Stitches in Time: Okazaki Fragments Explained

If DNA polymerase absolutely cannot begin a new chain without a 3'-OH group to attach to, then every time it starts a new segment on the lagging strand, it needs a new starting point. If primase provides that point, then every one of the okazaki fragments has a primer.

If the fragments are physically next to each other but not bonded, then there is a "nick" in the backbone. If a bond is formed to seal this, then the okazaki fragments become one continuous strand.

If DNA is antiparallel and polymerase is unidirectional, then a physical conflict exists at the replication fork. If the cell builds the lagging strand in short segments to overcome this, then okazaki fragments are the structural solution to that problem.

If DNA polymerase is restricted to moving in a 5' to 3' direction, and the two strands of DNA are antiparallel, then the enzyme must move away from the replication fork on one strand. If it moves away from the fork, then it must restart in short bursts as new DNA is unzipped.

If the lagging strand is built discontinuously, then it consists of many small pieces. If these pieces were discovered by Reiji and Tsuneko Okazaki, then they are logically named okazaki fragments.

If the lagging strand consists of multiple disconnected segments, then a molecular "glue" is needed to create covalent bonds between them. If DNA ligase performs this sealing function, then it is the enzyme that connects the segments.

If the leading strand is oriented so it can be built toward the opening replication fork, then it can be synthesized without stopping. If the lagging strand is oriented the opposite way, then it must be built in pieces called okazaki fragments.

If a fragment is a piece of DNA, then it needs a starting point (primer) and a builder (polymerase). If it is being built at the replication fork, then the fork must be opened by helicase. If it needs to be connected to the next piece, then ligase is required.

If the leading strand is continuous, then it only needs one primer to start. If the lagging strand is made of many separate okazaki fragments, then each individual fragment needs its own primer to begin.

If DNA polymerase cannot start a strand from scratch, then primase must provide an RNA foundation. If this happens for every discontinuous segment on the lagging strand, then it happens for every one of the okazaki fragments.

If the replication fork opens in one direction, but the 5' to 3' orientation of the lagging strand template points the opposite way, then DNA polymerase must move away from the fork to build.

If the RNA primers are temporary, then they must be removed and replaced with DNA. If DNA polymerase I and exonucleases handle this removal and replacement, and ligase seals the gaps, then they are the processing enzymes.

If eukaryotic DNA is wrapped tightly around histones, then the replication machinery has less "room" to move before hitting an obstruction. If it has less room, then the resulting okazaki fragments will be shorter than those in bacteria.

If a specific enzyme is the main "workhorse" for building new DNA strands at the fork, then it is DNA polymerase III. If it adds to the primer on the lagging strand, then it is building the okazaki fragments.

If ligase is the only enzyme that can create the final phosphodiester bond between DNA segments, then its absence means the segments remain disconnected. If they are disconnected, then the genetic code is broken and the molecule is unstable.

If the strands run in opposite directions, then the DNA polymerase (which only goes one way) can only follow the fork on one strand. If it can't follow the fork on the other, then it must create okazaki fragments.

If DNA replication is the process of copying the genome, and if this process happens during the S (Synthesis) phase, then all parts of replication, including the building of okazaki fragments, occur in this phase.

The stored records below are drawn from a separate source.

Lemma iend_repeat12 m e : iend (repeat (1, 2) n) m e = if m <? n then S (Nat.b2n e) else 0.
Proof.
  unfold iend, ilo, ihi; destruct (Nat.ltb_spec m n).
  - rewrite nth_indep with (d' := (1, 2)) by (rewrite repeat_length; exact H).
    rewrite nth_repeat; destruct e; reflexivity.
  - rewrite nth_overflow by (rewrite repeat_length; exact H); destruct e; reflexivity.
Qed.

Lemma realizes_initial s0 : W s0 -> holdsb k s0 = false ->
  exists c, In c (initial n k) /\ realizes c (fun _ => s0).
Proof.
  intros Hs0 Hk.
  assert (Hc : realizes [(repeat (1, 2) n, truth_vector s0)] (fun _ => s0)).
  { split; simpl; intros i; [|intros i']; intros Hi; [|intros Hi']; replace i with 0 by lia;
      [|replace i' with 0 by lia]; simpl.
    - split; [exact Hs0 | split; [reflexivity | intros m e Hm; rewrite iend_repeat12]].
      destruct (Nat.ltb_spec m n); lia.
    - intros [m Hm] e e'; simpl; rewrite !iend_repeat12, Rcompare_rend_self.
      destruct (Nat.ltb_spec m n); [|lia]; destruct e, e'; reflexivity. }
  exists [(repeat (1, 2) n, truth_vector s0)]; split; [|exact Hc].
  apply filter_In; split; [|exact (realizes_coherent _ _ Hc)].
  apply in_map_iff; exists (truth_vector s0); split; [reflexivity|].
  apply filter_In; split; [apply truth_vector_in_tuples|].
  rewrite lbl_truth_vector, Hk by lia; reflexivity.
Qed.

Lemma search_realized s0 : W s0 -> holdsb k s0 = false ->
  forall d, exists c ws, In c (search n k d) /\ realizes c ws.
Proof.
  intros Hs0 Hk d; induction d as [|d [c [ws [Hin Hc]]]].
  - destruct (realizes_initial s0 Hs0 Hk) as [c Hc]; exists c, (fun _ => s0); exact Hc.
  - destruct (realizes_expand c ws Hc) as [c' [ws' [Hin' Hc']]].
    exists c', ws'; split; [apply in_flat_map; exists c; auto | exact Hc'].
Qed.
End Realization.

Theorem search_nonempty_of_countermodel {n} (W : rect n -> Prop) V s0 phi :
  W s0 -> ~ sat W V s0 phi -> forall d, search n (code phi) d <> [].
Proof.
  intros Hs0 Hphi d E.
  assert (Hk : holdsb W V (code phi) s0 = false)
    by (apply not_true_iff_false; rewrite holdsb_spec, holds_code; exact Hphi).
  destruct (search_realized W V (code phi) s0 Hs0 Hk d) as [c [ws [Hin _]]].
  rewrite E in Hin; destruct Hin.
Qed.

(** * Completeness of the search *)

Section Koenig.
Context {A : Type} (f : A -> list A).

Definition unfold_tree d (l : list A) := Nat.iter d (flat_map f) l.

Definition infinite_from (x : A) := forall d, unfold_tree d [x] <> [].

Lemma unfold_tree_app d l1 l2 : unfold_tree d (l1 ++ l2) = unfold_tree d l1 ++ unfold_tree d l2.
Proof. induction d; simpl; [reflexivity|]; fold (unfold_tree d); rewrite IHd; apply flat_map_app. Qed.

If the leading strand moves smoothly and the lagging strand must wait for the fork to open before starting a new segment, then the discontinuous strand is slower. If it is slower, then it "lags" behind.

If the segments on the lagging strand are named okazaki fragments, then they are named after the scientists who discovered them. If those scientists were Reiji and Tsuneko Okazaki, then they are the correct discoverers.

If the final DNA molecule must be pure DNA, then the RNA primer is a temporary "placeholder." If enzymes remove it and fill the gap with DNA, then the primer is removed, replaced, and its components are recycled.